[Dataset excerpts]
◇ ◇ ◇ ◇
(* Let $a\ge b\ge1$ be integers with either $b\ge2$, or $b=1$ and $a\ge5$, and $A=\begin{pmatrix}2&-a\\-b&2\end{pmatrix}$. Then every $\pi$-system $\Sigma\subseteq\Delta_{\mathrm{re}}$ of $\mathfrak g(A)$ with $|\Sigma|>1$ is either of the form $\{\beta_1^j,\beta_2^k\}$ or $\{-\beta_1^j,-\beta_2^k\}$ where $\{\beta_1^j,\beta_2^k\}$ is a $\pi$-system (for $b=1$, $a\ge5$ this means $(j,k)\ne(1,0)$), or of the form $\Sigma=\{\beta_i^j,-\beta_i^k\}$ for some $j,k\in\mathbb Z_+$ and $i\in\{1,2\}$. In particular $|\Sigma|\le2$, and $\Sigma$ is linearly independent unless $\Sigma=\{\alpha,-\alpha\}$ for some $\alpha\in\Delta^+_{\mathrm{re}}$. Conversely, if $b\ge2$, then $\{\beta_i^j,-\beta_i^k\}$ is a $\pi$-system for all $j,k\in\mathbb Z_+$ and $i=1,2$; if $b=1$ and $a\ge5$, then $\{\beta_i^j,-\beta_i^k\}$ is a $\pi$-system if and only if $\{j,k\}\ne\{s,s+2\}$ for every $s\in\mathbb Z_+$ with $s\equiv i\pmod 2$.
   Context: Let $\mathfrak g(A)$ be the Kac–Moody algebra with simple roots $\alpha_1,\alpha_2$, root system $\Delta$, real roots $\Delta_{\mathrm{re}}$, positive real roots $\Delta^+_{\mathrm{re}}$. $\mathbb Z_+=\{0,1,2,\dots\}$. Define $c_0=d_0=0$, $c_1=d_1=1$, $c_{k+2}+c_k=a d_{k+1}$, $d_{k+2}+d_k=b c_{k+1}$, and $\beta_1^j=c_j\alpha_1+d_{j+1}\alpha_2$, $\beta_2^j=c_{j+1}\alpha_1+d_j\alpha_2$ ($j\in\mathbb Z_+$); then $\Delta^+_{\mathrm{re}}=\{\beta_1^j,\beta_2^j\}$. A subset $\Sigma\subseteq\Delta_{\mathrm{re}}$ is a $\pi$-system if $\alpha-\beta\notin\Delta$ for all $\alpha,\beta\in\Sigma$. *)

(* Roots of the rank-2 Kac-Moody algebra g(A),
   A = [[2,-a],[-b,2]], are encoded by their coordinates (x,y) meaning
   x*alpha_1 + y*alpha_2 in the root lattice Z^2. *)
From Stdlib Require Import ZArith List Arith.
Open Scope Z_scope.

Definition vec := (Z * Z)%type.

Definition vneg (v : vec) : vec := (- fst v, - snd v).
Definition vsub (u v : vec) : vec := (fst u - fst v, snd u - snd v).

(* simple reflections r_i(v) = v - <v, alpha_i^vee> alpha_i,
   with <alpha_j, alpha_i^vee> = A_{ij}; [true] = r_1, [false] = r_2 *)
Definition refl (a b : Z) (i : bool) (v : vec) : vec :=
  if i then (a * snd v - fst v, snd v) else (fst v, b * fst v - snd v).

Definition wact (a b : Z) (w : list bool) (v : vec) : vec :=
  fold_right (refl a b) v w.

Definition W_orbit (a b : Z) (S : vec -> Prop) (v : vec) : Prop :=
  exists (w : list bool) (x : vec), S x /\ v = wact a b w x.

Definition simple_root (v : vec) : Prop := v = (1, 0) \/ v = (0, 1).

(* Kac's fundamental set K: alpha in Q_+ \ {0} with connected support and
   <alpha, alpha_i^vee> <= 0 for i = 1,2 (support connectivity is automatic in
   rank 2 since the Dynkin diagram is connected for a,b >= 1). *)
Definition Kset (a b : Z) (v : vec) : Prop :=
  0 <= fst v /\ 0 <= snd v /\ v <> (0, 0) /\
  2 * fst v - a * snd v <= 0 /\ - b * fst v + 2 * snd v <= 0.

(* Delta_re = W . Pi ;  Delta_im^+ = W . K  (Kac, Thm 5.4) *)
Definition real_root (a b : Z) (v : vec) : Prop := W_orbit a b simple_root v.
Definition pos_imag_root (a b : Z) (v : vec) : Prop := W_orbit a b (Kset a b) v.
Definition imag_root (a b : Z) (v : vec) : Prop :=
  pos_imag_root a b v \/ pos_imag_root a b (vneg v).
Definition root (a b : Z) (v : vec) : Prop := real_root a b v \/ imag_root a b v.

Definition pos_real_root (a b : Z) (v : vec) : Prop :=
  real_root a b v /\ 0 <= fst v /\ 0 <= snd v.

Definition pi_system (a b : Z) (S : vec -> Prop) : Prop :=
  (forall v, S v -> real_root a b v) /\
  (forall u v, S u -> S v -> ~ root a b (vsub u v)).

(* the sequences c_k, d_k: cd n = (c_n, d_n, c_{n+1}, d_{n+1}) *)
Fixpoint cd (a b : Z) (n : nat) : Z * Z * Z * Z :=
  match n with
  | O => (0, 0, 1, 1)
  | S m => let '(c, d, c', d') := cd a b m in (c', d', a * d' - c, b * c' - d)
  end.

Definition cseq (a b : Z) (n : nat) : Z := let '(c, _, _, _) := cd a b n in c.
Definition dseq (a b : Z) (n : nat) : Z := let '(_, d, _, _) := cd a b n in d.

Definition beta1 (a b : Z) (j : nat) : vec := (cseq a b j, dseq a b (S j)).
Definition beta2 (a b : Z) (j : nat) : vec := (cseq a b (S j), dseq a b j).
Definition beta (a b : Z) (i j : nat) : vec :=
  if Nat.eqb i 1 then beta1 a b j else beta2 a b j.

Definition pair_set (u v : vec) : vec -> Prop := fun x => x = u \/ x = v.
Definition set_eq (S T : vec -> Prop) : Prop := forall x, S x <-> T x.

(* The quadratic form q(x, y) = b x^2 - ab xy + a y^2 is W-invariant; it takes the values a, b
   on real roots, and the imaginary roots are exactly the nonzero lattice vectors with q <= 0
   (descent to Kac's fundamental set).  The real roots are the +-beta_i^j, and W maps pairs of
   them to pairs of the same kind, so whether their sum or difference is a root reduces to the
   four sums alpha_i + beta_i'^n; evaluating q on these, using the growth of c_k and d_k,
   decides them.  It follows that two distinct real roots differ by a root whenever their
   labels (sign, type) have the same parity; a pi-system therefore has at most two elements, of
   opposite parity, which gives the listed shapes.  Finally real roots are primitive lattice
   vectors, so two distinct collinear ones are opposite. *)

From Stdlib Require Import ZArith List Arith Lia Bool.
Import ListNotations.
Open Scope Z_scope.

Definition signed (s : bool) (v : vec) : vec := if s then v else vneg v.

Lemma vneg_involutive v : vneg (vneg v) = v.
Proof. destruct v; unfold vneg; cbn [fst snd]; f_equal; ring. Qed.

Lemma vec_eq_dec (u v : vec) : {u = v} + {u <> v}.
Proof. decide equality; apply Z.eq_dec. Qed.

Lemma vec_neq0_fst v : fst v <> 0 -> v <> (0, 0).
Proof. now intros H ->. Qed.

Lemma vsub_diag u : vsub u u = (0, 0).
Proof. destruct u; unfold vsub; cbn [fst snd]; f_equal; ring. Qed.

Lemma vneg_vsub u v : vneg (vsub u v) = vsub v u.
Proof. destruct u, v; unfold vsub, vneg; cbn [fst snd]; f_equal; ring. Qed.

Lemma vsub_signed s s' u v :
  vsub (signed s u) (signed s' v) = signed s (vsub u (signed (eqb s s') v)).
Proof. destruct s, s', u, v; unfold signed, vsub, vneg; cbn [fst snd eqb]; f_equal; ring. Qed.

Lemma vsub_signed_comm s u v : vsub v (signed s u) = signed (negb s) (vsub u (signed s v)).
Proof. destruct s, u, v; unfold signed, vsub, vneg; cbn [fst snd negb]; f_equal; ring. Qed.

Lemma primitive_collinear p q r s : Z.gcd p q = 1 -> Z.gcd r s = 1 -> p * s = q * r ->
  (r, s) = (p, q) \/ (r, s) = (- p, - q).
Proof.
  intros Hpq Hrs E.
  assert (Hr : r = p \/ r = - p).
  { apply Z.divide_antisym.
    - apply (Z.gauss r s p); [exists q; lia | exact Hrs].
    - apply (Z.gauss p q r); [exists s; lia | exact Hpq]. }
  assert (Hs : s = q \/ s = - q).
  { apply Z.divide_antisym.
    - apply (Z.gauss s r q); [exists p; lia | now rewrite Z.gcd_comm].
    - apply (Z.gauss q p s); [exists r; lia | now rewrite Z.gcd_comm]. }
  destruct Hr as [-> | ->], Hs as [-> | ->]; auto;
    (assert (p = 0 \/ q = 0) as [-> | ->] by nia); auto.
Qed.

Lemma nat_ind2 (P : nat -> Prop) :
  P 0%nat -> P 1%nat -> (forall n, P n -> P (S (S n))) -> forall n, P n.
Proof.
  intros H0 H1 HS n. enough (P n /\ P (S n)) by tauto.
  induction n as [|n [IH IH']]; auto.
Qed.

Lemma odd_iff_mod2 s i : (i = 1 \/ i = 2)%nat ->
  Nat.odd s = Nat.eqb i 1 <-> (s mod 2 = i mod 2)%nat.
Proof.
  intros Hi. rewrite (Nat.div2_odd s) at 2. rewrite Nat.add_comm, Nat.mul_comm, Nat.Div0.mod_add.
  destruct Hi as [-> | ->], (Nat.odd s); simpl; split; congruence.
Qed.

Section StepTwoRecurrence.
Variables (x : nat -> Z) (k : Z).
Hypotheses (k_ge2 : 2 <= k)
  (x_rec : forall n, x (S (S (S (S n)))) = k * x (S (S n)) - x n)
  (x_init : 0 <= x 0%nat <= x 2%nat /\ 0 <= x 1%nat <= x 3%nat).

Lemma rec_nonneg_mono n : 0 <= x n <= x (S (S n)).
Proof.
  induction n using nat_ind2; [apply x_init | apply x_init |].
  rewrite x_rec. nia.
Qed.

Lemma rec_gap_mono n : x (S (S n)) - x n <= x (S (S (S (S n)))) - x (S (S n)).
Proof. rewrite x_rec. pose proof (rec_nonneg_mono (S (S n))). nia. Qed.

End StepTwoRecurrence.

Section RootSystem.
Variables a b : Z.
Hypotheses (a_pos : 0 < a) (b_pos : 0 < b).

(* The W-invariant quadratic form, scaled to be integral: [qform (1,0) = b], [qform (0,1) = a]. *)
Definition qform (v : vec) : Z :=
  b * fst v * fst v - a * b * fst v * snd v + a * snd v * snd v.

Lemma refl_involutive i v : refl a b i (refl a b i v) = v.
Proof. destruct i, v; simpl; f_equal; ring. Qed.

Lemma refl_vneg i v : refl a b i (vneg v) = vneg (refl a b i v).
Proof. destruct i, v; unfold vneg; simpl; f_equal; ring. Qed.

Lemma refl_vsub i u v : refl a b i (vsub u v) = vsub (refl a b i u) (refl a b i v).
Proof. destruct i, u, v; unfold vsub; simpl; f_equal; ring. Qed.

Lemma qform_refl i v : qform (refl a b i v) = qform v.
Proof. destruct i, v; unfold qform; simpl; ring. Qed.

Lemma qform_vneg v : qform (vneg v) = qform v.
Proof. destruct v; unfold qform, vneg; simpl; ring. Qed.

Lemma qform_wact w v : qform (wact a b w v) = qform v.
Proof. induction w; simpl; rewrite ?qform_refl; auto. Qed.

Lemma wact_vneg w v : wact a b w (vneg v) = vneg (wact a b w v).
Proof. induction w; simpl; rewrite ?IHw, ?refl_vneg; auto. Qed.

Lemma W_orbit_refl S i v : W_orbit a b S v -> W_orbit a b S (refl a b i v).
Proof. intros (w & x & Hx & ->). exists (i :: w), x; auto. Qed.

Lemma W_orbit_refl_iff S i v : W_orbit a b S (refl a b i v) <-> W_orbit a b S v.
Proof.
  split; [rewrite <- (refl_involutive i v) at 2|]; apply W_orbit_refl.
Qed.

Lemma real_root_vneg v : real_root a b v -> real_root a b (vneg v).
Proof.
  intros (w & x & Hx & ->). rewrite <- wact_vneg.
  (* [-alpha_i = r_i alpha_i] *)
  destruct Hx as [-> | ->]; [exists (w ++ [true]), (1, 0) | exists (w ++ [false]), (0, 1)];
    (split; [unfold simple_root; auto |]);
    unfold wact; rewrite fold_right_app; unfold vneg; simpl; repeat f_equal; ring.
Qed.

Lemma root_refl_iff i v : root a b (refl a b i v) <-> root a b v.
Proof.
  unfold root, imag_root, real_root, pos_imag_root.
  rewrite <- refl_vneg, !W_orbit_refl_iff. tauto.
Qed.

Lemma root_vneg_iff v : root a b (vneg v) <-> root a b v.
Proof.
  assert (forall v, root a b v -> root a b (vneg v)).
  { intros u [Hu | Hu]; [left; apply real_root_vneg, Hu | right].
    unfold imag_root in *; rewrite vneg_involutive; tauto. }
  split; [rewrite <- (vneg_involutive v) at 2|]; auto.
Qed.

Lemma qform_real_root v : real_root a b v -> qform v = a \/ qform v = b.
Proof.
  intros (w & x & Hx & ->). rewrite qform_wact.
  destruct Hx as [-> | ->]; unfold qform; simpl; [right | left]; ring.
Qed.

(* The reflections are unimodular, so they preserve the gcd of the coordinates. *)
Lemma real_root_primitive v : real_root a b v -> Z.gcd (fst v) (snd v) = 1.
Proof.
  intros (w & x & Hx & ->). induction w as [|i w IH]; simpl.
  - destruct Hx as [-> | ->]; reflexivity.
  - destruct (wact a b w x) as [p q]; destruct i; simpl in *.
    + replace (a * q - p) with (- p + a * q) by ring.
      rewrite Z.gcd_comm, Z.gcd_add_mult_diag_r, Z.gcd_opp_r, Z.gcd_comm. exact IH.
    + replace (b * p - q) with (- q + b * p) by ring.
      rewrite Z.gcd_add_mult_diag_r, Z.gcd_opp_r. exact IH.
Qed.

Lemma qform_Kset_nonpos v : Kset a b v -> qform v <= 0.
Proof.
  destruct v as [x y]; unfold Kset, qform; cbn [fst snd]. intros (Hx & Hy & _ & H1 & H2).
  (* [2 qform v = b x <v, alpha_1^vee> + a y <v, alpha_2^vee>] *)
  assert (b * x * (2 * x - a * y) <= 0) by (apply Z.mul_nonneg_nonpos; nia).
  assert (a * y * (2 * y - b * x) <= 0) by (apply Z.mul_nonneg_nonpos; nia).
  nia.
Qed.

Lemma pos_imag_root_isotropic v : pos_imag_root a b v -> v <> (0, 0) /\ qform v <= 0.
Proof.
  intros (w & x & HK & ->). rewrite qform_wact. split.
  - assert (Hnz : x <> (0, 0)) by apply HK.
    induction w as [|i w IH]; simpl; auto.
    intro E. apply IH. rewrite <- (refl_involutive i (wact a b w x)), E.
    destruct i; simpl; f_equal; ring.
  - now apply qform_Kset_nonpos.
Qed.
◇ ◇ ◇ ◇
* **TASK TO CARRY OUT**
Take the lines above from the one containing "Section StepTwoRecurrence." to the one containing "destruct Hx as [-> | ->]; [exists" and retype them exactly, both ends included, with nothing added.

* **ANSWER TO THE PROBLEM**
Section StepTwoRecurrence.
Variables (x : nat -> Z) (k : Z).
Hypotheses (k_ge2 : 2 <= k)
  (x_rec : forall n, x (S (S (S (S n)))) = k * x (S (S n)) - x n)
  (x_init : 0 <= x 0%nat <= x 2%nat /\ 0 <= x 1%nat <= x 3%nat).

Lemma rec_nonneg_mono n : 0 <= x n <= x (S (S n)).
Proof.
  induction n using nat_ind2; [apply x_init | apply x_init |].
  rewrite x_rec. nia.
Qed.

Lemma rec_gap_mono n : x (S (S n)) - x n <= x (S (S (S (S n)))) - x (S (S n)).
Proof. rewrite x_rec. pose proof (rec_nonneg_mono (S (S n))). nia. Qed.

End StepTwoRecurrence.

Section RootSystem.
Variables a b : Z.
Hypotheses (a_pos : 0 < a) (b_pos : 0 < b).

(* The W-invariant quadratic form, scaled to be integral: [qform (1,0) = b], [qform (0,1) = a]. *)
Definition qform (v : vec) : Z :=
  b * fst v * fst v - a * b * fst v * snd v + a * snd v * snd v.

Lemma refl_involutive i v : refl a b i (refl a b i v) = v.
Proof. destruct i, v; simpl; f_equal; ring. Qed.

Lemma refl_vneg i v : refl a b i (vneg v) = vneg (refl a b i v).
Proof. destruct i, v; unfold vneg; simpl; f_equal; ring. Qed.

Lemma refl_vsub i u v : refl a b i (vsub u v) = vsub (refl a b i u) (refl a b i v).
Proof. destruct i, u, v; unfold vsub; simpl; f_equal; ring. Qed.

Lemma qform_refl i v : qform (refl a b i v) = qform v.
Proof. destruct i, v; unfold qform; simpl; ring. Qed.

Lemma qform_vneg v : qform (vneg v) = qform v.
Proof. destruct v; unfold qform, vneg; simpl; ring. Qed.

Lemma qform_wact w v : qform (wact a b w v) = qform v.
Proof. induction w; simpl; rewrite ?qform_refl; auto. Qed.

Lemma wact_vneg w v : wact a b w (vneg v) = vneg (wact a b w v).
Proof. induction w; simpl; rewrite ?IHw, ?refl_vneg; auto. Qed.

Lemma W_orbit_refl S i v : W_orbit a b S v -> W_orbit a b S (refl a b i v).
Proof. intros (w & x & Hx & ->). exists (i :: w), x; auto. Qed.

Lemma W_orbit_refl_iff S i v : W_orbit a b S (refl a b i v) <-> W_orbit a b S v.
Proof.
  split; [rewrite <- (refl_involutive i v) at 2|]; apply W_orbit_refl.
Qed.

Lemma real_root_vneg v : real_root a b v -> real_root a b (vneg v).
Proof.
  intros (w & x & Hx & ->). rewrite <- wact_vneg.
  (* [-alpha_i = r_i alpha_i] *)
  destruct Hx as [-> | ->]; [exists (w ++ [true]), (1, 0) | exists (w ++ [false]), (0, 1)];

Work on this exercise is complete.